Wisconsin Union Dons Pursue Judicial Bailout

Government Union Bosses Press State Supreme Court to Gut Act 10

(Click here to download the National Right to Work Committee’s November-December 2013 Newsletter)

Government union bosses haven’t been  able to overturn Wisconsin’s Act 10, which restricts their compulsory- unionism privileges, at the ballot box. And now it seems increasingly unlikely they will be able to overturn it in the courts.

Nearly three years ago, Gov. Scott Walker (R) infuriated union officials when he successfully advanced the measure now known as Act 10. Act 10 abolished forced union dues for teachers and many other public employees and also greatly narrowed the scope of government union monopoly bargaining in other ways.

In June 2012, Wisconsinites went to the polls in special “recall” elections orchestrated by Organized Labor.

Despite spending millions of dollars, mostly forced dues and fees exacted from workers, union bigwigs failed to unseat Gov.
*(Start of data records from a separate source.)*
(* Let $S$ be a topological Clifford semigroup which is $C^1$ at the idempotents. Then the semilattice of idempotents $E(S)$ is discrete in the subspace topology inherited from $S$. Consequently every maximal subgroup $G_e$ ($e\in E(S)$) is open in $S$, and $S$ is a strong semilattice of topological groups.
   Context: An inverse semigroup is a semigroup $S$ in which every $x$ has a unique $x^{-1}$ with $xx^{-1}x=x$ and $x^{-1}xx^{-1}=x^{-1}$. A Clifford semigroup is an inverse semigroup with $xx^{-1}=x^{-1}x$ for all $x$ (equivalently, all idempotents are central). $E(S)=\{e\in S: e^2=e\}$ is a commutative semigroup of idempotents (a semilattice), ordered by $e\le f\iff ef=e$. For $e\in E(S)$, $G_e:=\{x\in S: xx^{-1}=e\}$ is a group with identity $e$ (the maximal subgroup at $e$), and $S=\bigsqcup_{e\in E(S)}G_e$. For $e\le f$ the bonding map is $\varphi_{f,e}\colon G_f\to G_e$, $x\mapsto ex$. A topological Clifford semigroup is a Clifford semigroup with a topology making multiplication $S\times S\to S$ and inversion $x\mapsto x^{-1}$ continuous; each $G_e$ carries the subspace topology. $S$ is a strong semilattice of topological groups if the bonding maps are continuous and the topology of $S$ is the disjoint-union (topological sum) topology of the subspaces $G_e$, $e\in E(S)$. $S$ is $C^1$ at the idempotents if for every $e\in E(S)$ there exist a Banach space $X_e$, open sets $e\in U_e\subseteq W_e\subseteq S$, and a homeomorphism $\varphi_e\colon W_e\to V_e$ onto an open subset $V_e\subseteq X_e$ with $\varphi_e(e)=0$, such that $U_eU_e\subseteq W_e$ and the map $\varphi_e(U_e)\times\varphi_e(U_e)\to X_e$, $(u,v)\mapsto \varphi_e(\varphi_e^{-1}(u)\varphi_e^{-1}(v))$, is of class $C^1$ in the Fréchet sense. *)

From HB Require Import structures.
From mathcomp Require Import all_boot all_order all_algebra.
From mathcomp Require Import all_classical all_reals all_analysis.
Set Implicit Arguments. Unset Strict Implicit. Unset Printing Implicit Defensive.
Import Order.TTheory GRing.Theory Num.Theory numFieldNormedType.Exports.
Local Open Scope classical_set_scope.
Local Open Scope ring_scope.

Definition top_clifford_semigroup (S : topologicalType)
    (mul : S -> S -> S) (inv : S -> S) : Prop :=
  (forall x y z, mul x (mul y z) = mul (mul x y) z) /\
  (* inverse semigroup: inv x is an inverse of x, and the unique one *)
  (forall x, mul (mul x (inv x)) x = x) /\
  (forall x, mul (mul (inv x) x) (inv x) = inv x) /\
  (forall x y, mul (mul x y) x = x -> mul (mul y x) y = y -> y = inv x) /\
  (forall x, mul x (inv x) = mul (inv x) x) /\
  continuous (fun p : S * S => mul p.1 p.2) /\
  continuous inv.

Definition idempotents (S : Type) (mul : S -> S -> S) : set S :=
  [set e | mul e e = e].

Definition max_subgroup (S : Type) (mul : S -> S -> S) (inv : S -> S) (e : S)
  : set S := [set x | mul x (inv x) = e].

Definition idem_le (S : Type) (mul : S -> S -> S) (e f : S) : Prop :=
  mul e f = e.

Definition homeo_onto (T U : topologicalType) (W : set T) (V : set U)
    (phi : T -> U) (psi : U -> T) : Prop :=
    (forall x, W x -> V (phi x)) /\ (forall v, V v -> W (psi v)) /\
    (forall x, W x -> psi (phi x) = x) /\ (forall v, V v -> phi (psi v) = v) /\
    {within W, continuous phi} /\ {within V, continuous psi}.

(* Frechet C^1 on an open set D: differentiable at each point of D, and the
   derivative p |-> 'd F p is continuous in the operator norm on D. *)
Definition C1_on (R : realType) (X Y : normedModType R) (D : set X)
    (F : X -> Y) : Prop :=
  (forall p, D p -> differentiable F p) /\
  (forall p, D p -> forall eps : R, 0 < eps ->
     \forall q \near p, forall h : X, `|'d F q h - 'd F p h| <= eps * `|h|).

Definition C1_at_idempotents (R : realType) (S : topologicalType)
    (mul : S -> S -> S) : Prop :=
  forall e, idempotents mul e ->
  exists (X : completeNormedModType R) (U W : set S) (V : set X)
         (phi : S -> X) (psi : X -> S),
    open U /\ open W /\ U e /\ U `<=` W /\ open V /\
    homeo_onto W V phi psi /\ phi e = 0 /\
    (forall u v, U u -> U v -> W (mul u v)) /\
    C1_on [set p : X * X | (phi @` U) p.1 /\ (phi @` U) p.2]
      (fun p : X * X => phi (mul (psi p.1) (psi p.2))).

From HB Require Import structures.
From mathcomp Require Import all_boot all_order all_algebra.
From mathcomp Require Import all_classical all_reals all_analysis.
From mathcomp Require Import lra.
Import Order.TTheory GRing.Theory Num.Theory numFieldNormedType.Exports.
Local Open Scope classical_set_scope.
Local Open Scope ring_scope.

(* Near an idempotent e, read the multiplication in a C^1 chart phi with
   phi e = 0 as F (u, v) = phi (psi u * psi v).  As F 0 = 0 and 'd F 0 is linear,
   the defect F (z, z) - F (z, 0) - F (0, z) is o(|z|).  For an idempotent f
   commuting with e, z = phi f, this defect is -z if f <= e and z if e <= f, so
   such an f close to e equals e.  An idempotent f near e yields the idempotent
   e f <= e, again near e; hence e f = e, i.e. e <= f, and then f = e.  The sets
   G_e are the fibres of the continuous map x |-> x x^-1 over the now isolated
   points of E(S), so they are open, and an open cover carries the sum topology. *)

Definition inverse_semigroup (T : Type) (mul : T -> T -> T) (inv : T -> T) : Prop :=
  (forall x y z, mul x (mul y z) = mul (mul x y) z) /\
  (forall x, mul (mul x (inv x)) x = x) /\
  (forall x, mul (mul (inv x) x) (inv x) = inv x) /\
  (forall x y, mul (mul x y) x = x -> mul (mul y x) y = y -> y = inv x).
Arguments inverse_semigroup {T}.

Lemma top_clifford_inverse_semigroup {S : topologicalType}
    {mul : S -> S -> S} {inv : S -> S} :
  top_clifford_semigroup mul inv -> inverse_semigroup mul inv.
Proof. by case=> mulA [mul_inv_mul [inv_mul_inv [inv_unique _]]]; do !split. Qed.

Section InverseSemigroup.
Context {T : Type} {mul : T -> T -> T} {inv : T -> T}.
Hypothesis isg : inverse_semigroup mul inv.

Let mulA x y z : mul x (mul y z) = mul (mul x y) z.
Proof. by case: isg. Qed.
Let mul_inv_mul x : mul (mul x (inv x)) x = x.
Proof. by case: isg => _ []. Qed.
Let inv_mul_inv x : mul (mul (inv x) x) (inv x) = inv x.
Proof. by case: isg => _ [_ []]. Qed.
Let inv_unique x y : mul (mul x y) x = x -> mul (mul y x) y = y -> y = inv x.
Proof. by case: isg => _ [_ [_]]; apply. Qed.

Lemma invK x : inv (inv x) = x.
Proof. by symmetry; apply: inv_unique; [apply: inv_mul_inv | apply: mul_inv_mul]. Qed.

Lemma idempotent_inv {e} : idempotents mul e -> inv e = e.
Proof. by move=> ee; symmetry; apply: inv_unique; rewrite ee ee. Qed.

Lemma idempotent_mulK {e} : idempotents mul e -> forall t, mul (mul t e) e = mul t e.
Proof. by move=> ee t; rewrite -mulA ee. Qed.

Lemma idempotent_mul {e f} :
  idempotents mul e -> idempotents mul f -> idempotents mul (mul e f).
Proof.
move=> ee ff; set x := inv (mul e f).
have efxef : mul (mul (mul (mul e f) x) e) f = mul e f.
  by rewrite -mulA mul_inv_mul.
have xefx t : mul (mul (mul (mul t x) e) f) x = mul t x.
  have xefx : mul (mul x (mul e f)) x = x := inv_mul_inv _.
  by rewrite -[in RHS]xefx !mulA.
have fxe : mul (mul f x) e = x.
  apply: inv_unique; rewrite !mulA !(idempotent_mulK ee, idempotent_mulK ff).
    by rewrite efxef.
  by rewrite xefx.
have xx : mul x x = x by rewrite -{1 2}fxe !mulA xefx fxe.
by rewrite /idempotents -(invK (mul e f)) -/x idempotent_inv.
Qed.

Lemma idempotent_comm {e f} :
  idempotents mul e -> idempotents mul f -> mul e f = mul f e.
Proof.
move=> ee ff; have ef := idempotent_mul ee ff; have fe := idempotent_mul ff ee.
apply/esym; rewrite -[in RHS](idempotent_inv ef).
apply: inv_unique; rewrite !mulA !(idempotent_mulK ee, idempotent_mulK ff) -mulA.
  exact: ef.
exact: fe.
Qed.

Lemma idempotent_mul_inv x : idempotents mul (mul x (inv x)).
Proof. by rewrite /idempotents /= mulA mul_inv_mul. Qed.
End InverseSemigroup.

Lemma subr_cross_defect (V : zmodType) (a p q b c : V) :
  a - p - q = (a - (b + c)) - (p - b) - (q - c).
Proof.
by rewrite !opprB opprD !addrA [a - b - c + b]addrAC subrK [a - c - p + c]addrAC subrK.
Qed.

Section CrossDefect.
Variables (R : realType) (X : normedModType R) (F : X * X -> X).
Hypotheses (dF : differentiable F 0) (F0 : F 0 = 0).

Lemma differentiable_cross_defect (eps : R) : 0 < eps ->
  \forall z \near 0, `|F (z, z) - F (z, 0) - F (0, z)| <= eps * `|z|.
Proof.
move=> eps_gt0; have eps3_gt0 : 0 < eps / 3 by rewrite divr_gt0.
have /eqaddoP /(_ _ eps3_gt0) /nbhs_norm0P [d d_gt0 Fo] := diff_locally dF.
set D := 'd F 0.
have FD (h : X * X) : `|h| < d -> `|F h - D h| <= eps / 3 * `|h|.
  by move=> /Fo /=; rewrite !fctE /= addr0 F0 add0r.
apply/nbhs_norm0P; exists d => // z /= zd.
have nzz : `|(z, z) : X * X| = `|z| by rewrite prod_normE /= maxxx.
have nz0 : `|(z, 0) : X * X| = `|z| by rewrite prod_normE /= normr0 max_l.
have n0z : `|(0, z) : X * X| = `|z| by rewrite prod_normE /= normr0 max_r.
have Dzz : D (z, z) = D (z, 0) + D (0, z).
  by rewrite -linearD; congr (D _); apply: injective_projections; rewrite /= ?addr0 ?add0r.
have := FD (z, z); have := FD (z, 0); have := FD (0, z).
rewrite nzz nz0 n0z => /(_ zd) ? /(_ zd) ? /(_ zd) ?.
rewrite (subr_cross_defect _ _ _ _ (D (z, 0)) (D (0, z))) -Dzz.
apply: le_trans (ler_normB _ _) _; have := ler_normB (F (z, z) - D (z, z)) (F (z, 0) - D (z, 0)).
lra.
Qed.

Lemma differentiable_cross_defect_eq0 :
  \forall z \near 0, `|F (z, z) - F (z, 0) - F (0, z)| = `|z| -> z = 0.
Proof.
have half_gt0 : 0 < 1 / 2 :> R by lra.
have := differentiable_cross_defect _ half_gt0; apply: filterS => z defect_le defect_eq.
apply/normr0_eq0; have := normr_ge0 z; lra.
Qed.
End CrossDefect.

Lemma continuous_app2 {S T U V : topologicalType} {h : T -> U -> V}
    {f : S -> T} {g : S -> U} :
  continuous (fun p : T * U => h p.1 p.2) -> continuous f -> continuous g ->
  continuous (fun x => h (f x) (g x)).
Proof. by move=> ch cf cg x; apply: (continuous2_cvg _ (ch (f x, g x)) (cf x) (cg x)). Qed.

Lemma continuous_mull {S : topologicalType} {mul : S -> S -> S} (a : S) :
  continuous (fun p : S * S => mul p.1 p.2) -> continuous (mul a).
Proof. by move=> cm; exact: (continuous_app2 cm (fun=> cvg_cst a) (fun=> cvg_id)). Qed.

Lemma near_isolated {S : topologicalType} {E : set S} {e : S} :
  E e -> (\forall x \near e, E x -> x = e) ->
  exists O : set S, open O /\ O `&` E = [set e].
Proof.
move=> Ee; rewrite /prop_near1 nbhsE; case=> O [oO Oe] OE; exists O; split => //.
by apply/seteqP; split => [x [Ox Ex]|_ ->]; [exact: OE | split].
Qed.

Lemma open_fiber_isolated {S T : topologicalType} {E : set T} {q : S -> T} {e : T} :
  continuous q -> (forall x, E (q x)) ->
  (exists O : set T, open O /\ O `&` E = [set e]) -> open (q @^-1` [set e]).
Proof.
move=> cq qE [B [oB BE]].
rewrite (_ : q @^-1` [set e] = q @^-1` B); first by move/continuousP: cq; apply.
apply/seteqP; split => x /=.
  by move=> ->; have [] : (B `&` E) e by rewrite BE.
by move=> Bqx; have : (B `&` E) (q x) := conj Bqx (qE x); rewrite BE.
Qed.

Lemma open_trace_cover (S : topologicalType) (I : Type) (D : set I) (G : I -> set S) :
  (forall i, D i -> open (G i)) -> (forall x, exists2 i, D i & G i x) ->
  forall A : set S, open A <->
    (forall i, D i -> exists O : set S, open O /\ A `&` G i = O `&` G i).
Proof.
move=> oG coverG A; split=> [oA i _|trA]; first by exists A.
rewrite openE => x Ax; have [i Di Gix] := coverG x.
have [B [oB AG]] := trA i Di.
apply: (@filterS _ _ _ (B `&` G i)); first by rewrite -AG => y [].
by apply: open_nbhs_nbhs; split; [apply: openI => //; exact: oG | rewrite -AG].
Qed.

Section IdempotentChart.
Context {R : realType} {S : topologicalType} {X : normedModType R}.
Context {mul : S -> S -> S} {W : set S} {phi : S -> X} {psi : X -> S} {e : S}.
Hypotheses (oW : open W) (We : W e) (phi_cont : {within W, continuous phi}).
Hypotheses (phiK : forall x, W x -> psi (phi x) = x) (phi_e : phi e = 0).
Hypothesis ee : idempotents mul e.
Hypothesis dF : differentiable (fun p : X * X => phi (mul (psi p.1) (psi p.2))) 0.

Lemma chart_idempotent_near_eq :
  \forall f \near e, idempotents mul f -> mul e f = mul f e ->
    idem_le mul f e \/ idem_le mul e f -> f = e.
Proof.
set F := fun p : X * X => phi (mul (psi p.1) (psi p.2)).
have Fphi a b : W a -> W b -> F (phi a, phi b) = phi (mul a b).
  by move=> Wa Wb; rewrite /F /= !phiK.
have F0 : F 0 = 0.
  have -> : 0 = (phi e, phi e) :> X * X by rewrite phi_e.
  by rewrite Fphi // ee.
have phi_cvg : phi x @[x --> e] --> phi e.
  by move: phi_cont; rewrite continuous_open_subspace // => /(_ e (mem_set We)).
have near_phi : \forall f \near e,
    `|F (phi f, phi f) - F (phi f, 0) - F (0, phi f)| = `|phi f| -> phi f = 0.
  by have := @differentiable_cross_defect_eq0 _ _ F dF F0; rewrite -phi_e => /phi_cvg.
have near_W : \forall f \near e, W f by apply: open_nbhs_nbhs.
move: near_W near_phi; apply: filterS2 => f Wf phi_f0 ff efC le_fe.
rewrite -(phiK _ Wf) -(phiK _ We) phi_e; congr (psi _); apply: phi_f0.
rewrite -phi_e !Fphi // ff.
case: le_fe => [fe|ef].
  by rewrite efC fe subrr sub0r normrN.
by rewrite -efC ef phi_e !subr0.
Qed.
End IdempotentChart.

Lemma C1_idempotent_near_eq {R : realType} {S : topologicalType}
    {mul : S -> S -> S} {inv : S -> S} {e : S} :
  top_clifford_semigroup mul inv -> C1_at_idempotents R mul ->
  idempotents mul e -> \forall f \near e, idempotents mul f -> f = e.
Proof.
move=> Scliff C1 ee; have isg := top_clifford_inverse_semigroup Scliff.
have mulA := isg.1.
have mul_cont : continuous (mul e).
  by apply: continuous_mull; case: Scliff => _ [_ [_ [_ [_ []]]]].
have [X [U [W [_ [phi [psi [_ [oW [Ue [UW [_ [[_ [_ [phiK [_ [phi_cont _]]]]]
  [phi_e [_ [C1F _]]]]]]]]]]]]]]] := C1 e ee.
have We := UW e Ue.
have dF : differentiable (fun p : X * X => phi (mul (psi p.1) (psi p.2))) 0.
  by apply: C1F; split; exists e.
pose Q g := idempotents mul g -> mul e g = mul g e ->
  idem_le mul g e \/ idem_le mul e g -> g = e.
have near_e : \forall g \near e, Q g :=
  chart_idempotent_near_eq oW We phi_cont phiK phi_e ee dF.
have mul_e_cvg : mul e f @[f --> e] --> e by rewrite -[X in _ --> X]ee; exact: mul_cont.
have near_ef : \forall f \near e, Q (mul e f) := mul_e_cvg _ near_e.
near=> f => ff.
have eff := idempotent_mul isg ee ff.
have ef_e : mul e f = e.
  apply: (near near_ef f) => //; first exact: (idempotent_comm isg ee eff).
  by left; rewrite /idem_le -mulA -(idempotent_comm isg ee ff) mulA ee.
apply: (near near_e f) => //; first exact: (idempotent_comm isg ee ff).
by right.
Unshelve. all: by end_near.
Qed.

Theorem theorem6p5 (R : realType) (S : topologicalType)
    (mul : S -> S -> S) (inv : S -> S) :
  top_clifford_semigroup mul inv ->
  C1_at_idempotents R mul ->
  (forall e, idempotents mul e ->
     exists O : set S, open O /\ O `&` idempotents mul = [set e]) /\
  (forall e, idempotents mul e -> open (max_subgroup mul inv e)) /\
  ((forall e f, idempotents mul e -> idempotents mul f -> idem_le mul e f ->
      {within max_subgroup mul inv f, continuous (fun x => mul e x)}) /\
   (forall A : set S,
      open A <->
      (forall e, idempotents mul e ->
         exists O : set S, open O /\
           A `&` max_subgroup mul inv e = O `&` max_subgroup mul inv e))).
Proof.
move=> Scliff C1; have isg := top_clifford_inverse_semigroup Scliff.
have [_ [_ [_ [_ [_ [mul_cont inv_cont]]]]]] := Scliff.
have E_isolated e : idempotents mul e ->
    exists O : set S, open O /\ O `&` idempotents mul = [set e].
  by move=> ee; exact: (near_isolated ee (C1_idempotent_near_eq Scliff C1 ee)).
have G_open e : idempotents mul e -> open (max_subgroup mul inv e).
  move=> ee; apply: (open_fiber_isolated _ _ (E_isolated e ee)).
    exact: (continuous_app2 mul_cont (fun=> cvg_id) inv_cont).
  exact: (idempotent_mul_inv isg).
do 2 split => //; split.
  by move=> e f _ _ _; apply: continuous_subspaceT; exact: continuous_mull.
apply: open_trace_cover => // x.
by exists (mul x (inv x)); [exact: (idempotent_mul_inv isg) |].
Qed.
Walker and Lt. Gov. Rebecca Kleefisch in retaliation for their drafting and winning legislative approval of Act 10.Dec NL_Page_5

In the November 2012 general elections, Wisconsin voters again rebuked the union brass, handing the Republican leaders responsible for Act 10 an 18-15 majority in the state Senate and retaining a large GOP majority in the state House.

It’s Constitutional to Ban Municipal Negotiations With Monopolistic Unions

In addition to pouring vast sums of forced-dues money into electoral politics to punish Act 10 proponents, union officials have also repeatedly gone to court to get back all of their monopoly-bargaining and forced-dues power.

But the future of Big Labor efforts to use the legal system to kill Act 10 is increasingly cloudy.

This September, U.S. District Judge William Conley handed union lawyers seeking to overturn, on constitutional grounds, the core Act 10 restrictions on monopolistic government unions the latest in a series of federal court defeats.

The First Amendment does protect government union bosses’ right to speak to government employers as if they represented the interests of all front-line employees, Judge Conley acknowledged.

But no First Amendment rights are affected when a state bans municipalities from negotiating with monopolistic unions, or drastically shortens the list of issues that may be negotiated.

This October, Dane County Circuit Judge John Markson similarly ruled that Act 10 violates neither the free-speech/free-association provisions in Article I, Sections 3 and 4 of the Wisconsin Constitution, nor the equal-protection provision in Article I, Section 1.

Big Labor Activist Judge Airily Dismissed Findings Of Multiple Other Courts

The fact that Big Labor’s legal crusade against Act 10 still represents a significant threat to this pro-individual employee freedom and pro-taxpayer law roughly 33 months after it was signed by Mr. Walker is largely due to the legal shenanigans of Juan Colas, another Dane County Circuit judge.

In a case he first ruled on in September 2012 and has since arrogantly tried to enforce statewide, Madison Teachers, Inc. v. Walker, Judge Colas has eagerly accepted union lawyers’ arguments and airily dismissed the findings of other courts, both state and federal.

But on November 21, a 5-2 state Supreme Court majority dealt a stern rebuke to Judge Colas by vacating a contempt order the union-label judge had issued blocking the Wisconsin Employment Relations Commission (WERC) from enforcing Act 10 in any workplace employing local public servants anywhere in the state.

National Right to Work Committee Vice President Matthew Leen cautioned that November’s Wisconsin Supreme Court ruling does not address the fundamental question of whether or not Judge Colas erred in finding key portions of Act 10 to be unconstitutional.

Even though it is likely all seven justices have already made up their minds, no final decision in Madison Teachers is expected until this spring.

“The 5-2 decision vacating the Colas contempt order against WERC augurs well,” Mr. Leen commented. “It would be unusual for a court that was about to strike down a law to act so decisively against a lower court order blocking the law’s enforcement.”

In the Madison Teachers case, National Right to Work Legal Defense Foundation attorneys have teamed up with the Milwaukee-based Wisconsin Institute for Law & Liberty to represent the interests of educators who don’t wish to be corralled into a union.

Thousands of Committee members in Wisconsin, who helped mobilize the grass-roots support to make Act 10’s passage possible in 2011, have a big stake in this case.